Below are the records; copy exactly the stretch from the line containing "Definition damping_factor d" through the line containing "move=> x0; apply: le_trans (expR_ge1Dx x).", both ends included, and nothing else.

#### Provided records

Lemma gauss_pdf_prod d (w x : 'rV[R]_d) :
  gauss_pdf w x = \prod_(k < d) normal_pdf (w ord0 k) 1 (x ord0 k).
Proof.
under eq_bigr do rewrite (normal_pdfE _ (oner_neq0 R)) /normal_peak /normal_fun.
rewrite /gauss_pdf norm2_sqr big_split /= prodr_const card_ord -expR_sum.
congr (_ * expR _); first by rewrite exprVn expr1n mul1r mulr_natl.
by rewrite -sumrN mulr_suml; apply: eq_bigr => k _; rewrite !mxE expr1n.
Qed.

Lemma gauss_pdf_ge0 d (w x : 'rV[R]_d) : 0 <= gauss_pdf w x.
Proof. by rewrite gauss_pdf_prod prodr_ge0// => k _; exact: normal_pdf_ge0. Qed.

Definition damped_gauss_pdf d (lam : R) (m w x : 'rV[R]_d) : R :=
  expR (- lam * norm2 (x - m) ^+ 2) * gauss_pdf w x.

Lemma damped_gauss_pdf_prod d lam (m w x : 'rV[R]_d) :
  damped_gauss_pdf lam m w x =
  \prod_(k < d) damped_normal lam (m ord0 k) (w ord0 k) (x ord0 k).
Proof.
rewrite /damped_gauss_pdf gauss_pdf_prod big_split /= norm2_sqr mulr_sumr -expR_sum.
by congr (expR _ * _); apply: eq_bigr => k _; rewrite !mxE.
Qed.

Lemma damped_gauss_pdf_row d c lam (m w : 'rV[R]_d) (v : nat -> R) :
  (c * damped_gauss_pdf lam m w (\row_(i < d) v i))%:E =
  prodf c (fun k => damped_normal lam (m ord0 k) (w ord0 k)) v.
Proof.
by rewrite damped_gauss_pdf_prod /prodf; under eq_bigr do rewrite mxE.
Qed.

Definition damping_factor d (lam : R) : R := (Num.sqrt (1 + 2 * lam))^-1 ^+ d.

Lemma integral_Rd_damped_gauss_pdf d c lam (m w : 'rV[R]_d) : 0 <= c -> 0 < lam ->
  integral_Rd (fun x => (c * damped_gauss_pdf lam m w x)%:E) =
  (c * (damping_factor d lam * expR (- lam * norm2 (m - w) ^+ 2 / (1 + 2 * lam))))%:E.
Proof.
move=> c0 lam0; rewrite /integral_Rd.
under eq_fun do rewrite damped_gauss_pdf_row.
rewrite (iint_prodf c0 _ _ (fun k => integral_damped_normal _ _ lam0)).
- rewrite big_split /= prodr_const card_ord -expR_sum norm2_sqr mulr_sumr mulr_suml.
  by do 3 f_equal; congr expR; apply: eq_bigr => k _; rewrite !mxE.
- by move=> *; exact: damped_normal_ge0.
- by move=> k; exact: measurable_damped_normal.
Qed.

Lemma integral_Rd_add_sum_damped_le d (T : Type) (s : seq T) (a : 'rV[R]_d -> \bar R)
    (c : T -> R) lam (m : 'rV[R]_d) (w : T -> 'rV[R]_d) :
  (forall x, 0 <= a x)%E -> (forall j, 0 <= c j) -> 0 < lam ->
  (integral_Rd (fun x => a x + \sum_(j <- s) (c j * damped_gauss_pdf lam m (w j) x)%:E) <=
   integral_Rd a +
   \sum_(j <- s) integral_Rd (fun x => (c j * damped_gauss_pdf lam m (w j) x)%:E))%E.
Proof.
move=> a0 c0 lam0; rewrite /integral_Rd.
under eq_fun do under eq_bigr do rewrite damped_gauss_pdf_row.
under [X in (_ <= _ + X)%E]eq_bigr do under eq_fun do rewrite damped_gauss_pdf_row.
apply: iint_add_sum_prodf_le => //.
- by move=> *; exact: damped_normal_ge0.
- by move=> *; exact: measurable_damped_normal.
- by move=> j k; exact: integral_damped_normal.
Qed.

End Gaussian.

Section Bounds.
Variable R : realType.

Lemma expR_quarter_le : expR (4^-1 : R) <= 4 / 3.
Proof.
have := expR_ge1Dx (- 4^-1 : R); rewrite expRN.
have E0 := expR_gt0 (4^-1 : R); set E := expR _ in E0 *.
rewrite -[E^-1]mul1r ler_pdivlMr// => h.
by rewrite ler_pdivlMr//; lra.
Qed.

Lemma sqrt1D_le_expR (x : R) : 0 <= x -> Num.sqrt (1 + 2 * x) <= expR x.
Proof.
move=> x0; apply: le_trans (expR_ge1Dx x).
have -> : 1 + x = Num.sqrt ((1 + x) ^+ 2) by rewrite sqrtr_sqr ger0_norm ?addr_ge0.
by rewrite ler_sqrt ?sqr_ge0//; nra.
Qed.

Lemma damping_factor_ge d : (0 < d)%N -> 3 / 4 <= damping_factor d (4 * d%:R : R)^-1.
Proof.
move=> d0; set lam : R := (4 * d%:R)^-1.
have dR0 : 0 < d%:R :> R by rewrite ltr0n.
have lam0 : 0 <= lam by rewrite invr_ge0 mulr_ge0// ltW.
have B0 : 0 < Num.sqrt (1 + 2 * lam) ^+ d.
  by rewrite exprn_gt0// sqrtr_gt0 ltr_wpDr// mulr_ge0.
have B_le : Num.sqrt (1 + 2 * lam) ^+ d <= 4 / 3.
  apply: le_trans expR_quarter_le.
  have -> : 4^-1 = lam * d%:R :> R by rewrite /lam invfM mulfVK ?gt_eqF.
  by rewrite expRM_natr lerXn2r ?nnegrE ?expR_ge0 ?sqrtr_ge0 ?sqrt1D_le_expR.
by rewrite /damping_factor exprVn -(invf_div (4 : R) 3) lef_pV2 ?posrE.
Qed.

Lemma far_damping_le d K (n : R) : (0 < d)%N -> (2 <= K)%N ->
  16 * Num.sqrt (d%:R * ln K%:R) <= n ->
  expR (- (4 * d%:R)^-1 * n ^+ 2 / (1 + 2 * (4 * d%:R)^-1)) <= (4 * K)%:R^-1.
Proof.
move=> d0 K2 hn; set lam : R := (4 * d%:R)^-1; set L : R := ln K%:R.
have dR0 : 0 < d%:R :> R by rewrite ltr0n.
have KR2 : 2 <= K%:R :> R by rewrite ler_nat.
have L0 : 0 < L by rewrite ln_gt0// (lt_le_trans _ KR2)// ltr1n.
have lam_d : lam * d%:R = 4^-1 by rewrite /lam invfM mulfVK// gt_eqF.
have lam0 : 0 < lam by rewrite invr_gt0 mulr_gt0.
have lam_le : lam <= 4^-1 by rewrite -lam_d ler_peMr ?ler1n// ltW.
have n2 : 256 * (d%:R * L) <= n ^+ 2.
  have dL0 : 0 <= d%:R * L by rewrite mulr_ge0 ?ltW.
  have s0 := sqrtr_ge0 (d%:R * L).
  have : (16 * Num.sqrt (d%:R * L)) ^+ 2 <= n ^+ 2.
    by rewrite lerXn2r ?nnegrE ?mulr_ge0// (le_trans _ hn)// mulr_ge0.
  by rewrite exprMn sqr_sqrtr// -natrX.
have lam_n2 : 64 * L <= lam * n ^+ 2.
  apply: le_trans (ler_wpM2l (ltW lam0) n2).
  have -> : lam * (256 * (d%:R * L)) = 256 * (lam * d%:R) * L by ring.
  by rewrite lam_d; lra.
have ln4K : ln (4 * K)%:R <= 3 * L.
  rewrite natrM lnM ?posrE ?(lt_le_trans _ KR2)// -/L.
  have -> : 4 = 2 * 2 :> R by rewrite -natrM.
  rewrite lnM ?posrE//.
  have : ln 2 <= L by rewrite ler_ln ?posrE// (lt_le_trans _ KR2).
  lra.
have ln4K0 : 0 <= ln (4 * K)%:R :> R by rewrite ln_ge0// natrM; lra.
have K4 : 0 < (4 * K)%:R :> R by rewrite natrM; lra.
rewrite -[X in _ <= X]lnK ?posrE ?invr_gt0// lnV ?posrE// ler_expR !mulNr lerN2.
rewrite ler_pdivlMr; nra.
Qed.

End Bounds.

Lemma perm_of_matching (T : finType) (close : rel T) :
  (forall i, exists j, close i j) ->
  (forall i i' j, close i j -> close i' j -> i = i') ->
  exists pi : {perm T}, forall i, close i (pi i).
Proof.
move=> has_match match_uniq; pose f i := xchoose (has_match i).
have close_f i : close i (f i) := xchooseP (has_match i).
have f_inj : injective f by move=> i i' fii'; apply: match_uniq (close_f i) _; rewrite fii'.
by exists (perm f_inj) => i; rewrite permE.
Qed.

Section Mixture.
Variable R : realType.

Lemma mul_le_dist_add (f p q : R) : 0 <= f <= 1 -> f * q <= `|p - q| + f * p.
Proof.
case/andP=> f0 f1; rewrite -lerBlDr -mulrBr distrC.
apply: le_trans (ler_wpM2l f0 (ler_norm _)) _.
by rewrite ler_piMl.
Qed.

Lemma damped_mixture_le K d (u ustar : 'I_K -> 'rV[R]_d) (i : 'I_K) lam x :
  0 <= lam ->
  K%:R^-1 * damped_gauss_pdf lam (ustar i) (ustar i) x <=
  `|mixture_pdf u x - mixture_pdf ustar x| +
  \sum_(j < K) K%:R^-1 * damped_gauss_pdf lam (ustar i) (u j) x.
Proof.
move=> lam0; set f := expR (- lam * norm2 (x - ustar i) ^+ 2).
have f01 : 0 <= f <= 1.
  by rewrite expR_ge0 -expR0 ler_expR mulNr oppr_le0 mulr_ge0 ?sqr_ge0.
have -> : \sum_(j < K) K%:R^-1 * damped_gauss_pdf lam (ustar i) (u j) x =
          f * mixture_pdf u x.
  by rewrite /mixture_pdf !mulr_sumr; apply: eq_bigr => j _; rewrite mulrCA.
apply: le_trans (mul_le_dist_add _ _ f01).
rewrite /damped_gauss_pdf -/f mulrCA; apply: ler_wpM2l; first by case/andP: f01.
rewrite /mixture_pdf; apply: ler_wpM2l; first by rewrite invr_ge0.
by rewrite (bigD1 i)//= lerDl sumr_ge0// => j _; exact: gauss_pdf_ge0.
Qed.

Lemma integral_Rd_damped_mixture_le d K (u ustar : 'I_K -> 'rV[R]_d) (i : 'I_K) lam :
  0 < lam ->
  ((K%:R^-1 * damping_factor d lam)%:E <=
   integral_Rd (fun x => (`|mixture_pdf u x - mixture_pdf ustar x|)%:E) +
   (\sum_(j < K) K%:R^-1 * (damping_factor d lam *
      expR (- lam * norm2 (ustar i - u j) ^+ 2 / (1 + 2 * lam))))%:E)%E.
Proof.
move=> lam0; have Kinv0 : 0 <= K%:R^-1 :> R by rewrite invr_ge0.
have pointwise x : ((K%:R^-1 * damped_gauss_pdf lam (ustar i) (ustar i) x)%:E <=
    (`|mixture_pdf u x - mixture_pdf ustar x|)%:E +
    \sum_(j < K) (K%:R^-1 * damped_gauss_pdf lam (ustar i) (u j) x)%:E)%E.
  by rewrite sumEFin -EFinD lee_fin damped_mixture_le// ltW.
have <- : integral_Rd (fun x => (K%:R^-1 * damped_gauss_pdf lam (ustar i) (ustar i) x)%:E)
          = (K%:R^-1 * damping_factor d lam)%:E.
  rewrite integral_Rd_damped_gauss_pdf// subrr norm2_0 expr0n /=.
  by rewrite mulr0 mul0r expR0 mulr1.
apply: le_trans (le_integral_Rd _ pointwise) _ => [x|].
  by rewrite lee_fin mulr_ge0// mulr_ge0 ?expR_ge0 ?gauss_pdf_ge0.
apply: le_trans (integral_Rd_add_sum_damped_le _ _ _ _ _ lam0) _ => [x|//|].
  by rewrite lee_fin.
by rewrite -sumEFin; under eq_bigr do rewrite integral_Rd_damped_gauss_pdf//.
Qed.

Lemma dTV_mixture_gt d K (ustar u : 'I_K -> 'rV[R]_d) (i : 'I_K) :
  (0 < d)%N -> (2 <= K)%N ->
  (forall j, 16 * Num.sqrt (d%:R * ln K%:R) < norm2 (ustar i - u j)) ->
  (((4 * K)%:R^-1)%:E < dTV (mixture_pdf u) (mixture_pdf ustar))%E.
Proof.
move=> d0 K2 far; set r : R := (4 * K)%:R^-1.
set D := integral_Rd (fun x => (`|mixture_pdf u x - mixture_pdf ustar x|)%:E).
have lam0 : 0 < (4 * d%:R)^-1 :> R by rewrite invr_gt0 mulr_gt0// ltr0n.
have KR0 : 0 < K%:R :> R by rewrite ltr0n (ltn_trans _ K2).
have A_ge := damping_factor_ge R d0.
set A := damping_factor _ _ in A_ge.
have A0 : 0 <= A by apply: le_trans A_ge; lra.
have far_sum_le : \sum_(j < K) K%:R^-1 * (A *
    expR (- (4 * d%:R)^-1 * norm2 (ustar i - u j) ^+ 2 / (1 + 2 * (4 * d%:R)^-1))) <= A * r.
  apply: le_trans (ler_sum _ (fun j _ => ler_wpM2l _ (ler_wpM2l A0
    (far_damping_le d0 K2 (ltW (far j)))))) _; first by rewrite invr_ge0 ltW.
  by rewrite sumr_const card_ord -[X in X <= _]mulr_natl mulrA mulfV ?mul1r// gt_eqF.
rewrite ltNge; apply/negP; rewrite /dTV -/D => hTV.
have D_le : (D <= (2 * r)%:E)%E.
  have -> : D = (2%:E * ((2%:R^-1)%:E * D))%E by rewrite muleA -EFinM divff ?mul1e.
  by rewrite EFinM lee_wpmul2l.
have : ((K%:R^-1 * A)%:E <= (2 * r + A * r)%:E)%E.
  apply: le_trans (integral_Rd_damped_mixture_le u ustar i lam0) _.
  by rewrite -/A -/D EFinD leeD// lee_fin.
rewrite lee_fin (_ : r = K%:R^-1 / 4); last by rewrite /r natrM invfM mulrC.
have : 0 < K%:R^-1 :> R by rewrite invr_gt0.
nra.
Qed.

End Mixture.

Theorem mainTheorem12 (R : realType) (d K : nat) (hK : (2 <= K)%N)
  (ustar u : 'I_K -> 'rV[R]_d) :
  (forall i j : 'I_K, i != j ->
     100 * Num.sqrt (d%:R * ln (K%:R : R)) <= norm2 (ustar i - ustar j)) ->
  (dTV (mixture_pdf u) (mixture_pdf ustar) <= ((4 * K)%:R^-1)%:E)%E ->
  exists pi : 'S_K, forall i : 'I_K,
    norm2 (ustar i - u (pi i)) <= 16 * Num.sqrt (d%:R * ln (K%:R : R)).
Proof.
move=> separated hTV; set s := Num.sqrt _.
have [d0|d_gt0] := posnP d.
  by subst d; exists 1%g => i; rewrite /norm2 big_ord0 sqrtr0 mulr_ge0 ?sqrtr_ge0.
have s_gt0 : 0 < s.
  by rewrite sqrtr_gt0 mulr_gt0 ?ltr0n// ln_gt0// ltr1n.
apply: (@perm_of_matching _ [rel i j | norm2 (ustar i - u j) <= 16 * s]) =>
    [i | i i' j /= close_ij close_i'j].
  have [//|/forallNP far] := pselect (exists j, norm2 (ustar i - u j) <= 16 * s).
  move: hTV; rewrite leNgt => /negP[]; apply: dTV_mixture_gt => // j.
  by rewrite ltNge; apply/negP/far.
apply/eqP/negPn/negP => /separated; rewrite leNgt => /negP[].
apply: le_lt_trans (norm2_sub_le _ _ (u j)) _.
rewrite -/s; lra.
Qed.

########

__Task answer__.
Definition damping_factor d (lam : R) : R := (Num.sqrt (1 + 2 * lam))^-1 ^+ d.

Lemma integral_Rd_damped_gauss_pdf d c lam (m w : 'rV[R]_d) : 0 <= c -> 0 < lam ->
  integral_Rd (fun x => (c * damped_gauss_pdf lam m w x)%:E) =
  (c * (damping_factor d lam * expR (- lam * norm2 (m - w) ^+ 2 / (1 + 2 * lam))))%:E.
Proof.
move=> c0 lam0; rewrite /integral_Rd.
under eq_fun do rewrite damped_gauss_pdf_row.
rewrite (iint_prodf c0 _ _ (fun k => integral_damped_normal _ _ lam0)).
- rewrite big_split /= prodr_const card_ord -expR_sum norm2_sqr mulr_sumr mulr_suml.
  by do 3 f_equal; congr expR; apply: eq_bigr => k _; rewrite !mxE.
- by move=> *; exact: damped_normal_ge0.
- by move=> k; exact: measurable_damped_normal.
Qed.

Lemma integral_Rd_add_sum_damped_le d (T : Type) (s : seq T) (a : 'rV[R]_d -> \bar R)
    (c : T -> R) lam (m : 'rV[R]_d) (w : T -> 'rV[R]_d) :
  (forall x, 0 <= a x)%E -> (forall j, 0 <= c j) -> 0 < lam ->
  (integral_Rd (fun x => a x + \sum_(j <- s) (c j * damped_gauss_pdf lam m (w j) x)%:E) <=
   integral_Rd a +
   \sum_(j <- s) integral_Rd (fun x => (c j * damped_gauss_pdf lam m (w j) x)%:E))%E.
Proof.
move=> a0 c0 lam0; rewrite /integral_Rd.
under eq_fun do under eq_bigr do rewrite damped_gauss_pdf_row.
under [X in (_ <= _ + X)%E]eq_bigr do under eq_fun do rewrite damped_gauss_pdf_row.
apply: iint_add_sum_prodf_le => //.
- by move=> *; exact: damped_normal_ge0.
- by move=> *; exact: measurable_damped_normal.
- by move=> j k; exact: integral_damped_normal.
Qed.

End Gaussian.

Section Bounds.
Variable R : realType.

Lemma expR_quarter_le : expR (4^-1 : R) <= 4 / 3.
Proof.
have := expR_ge1Dx (- 4^-1 : R); rewrite expRN.
have E0 := expR_gt0 (4^-1 : R); set E := expR _ in E0 *.
rewrite -[E^-1]mul1r ler_pdivlMr// => h.
by rewrite ler_pdivlMr//; lra.
Qed.

Lemma sqrt1D_le_expR (x : R) : 0 <= x -> Num.sqrt (1 + 2 * x) <= expR x.
Proof.
move=> x0; apply: le_trans (expR_ge1Dx x).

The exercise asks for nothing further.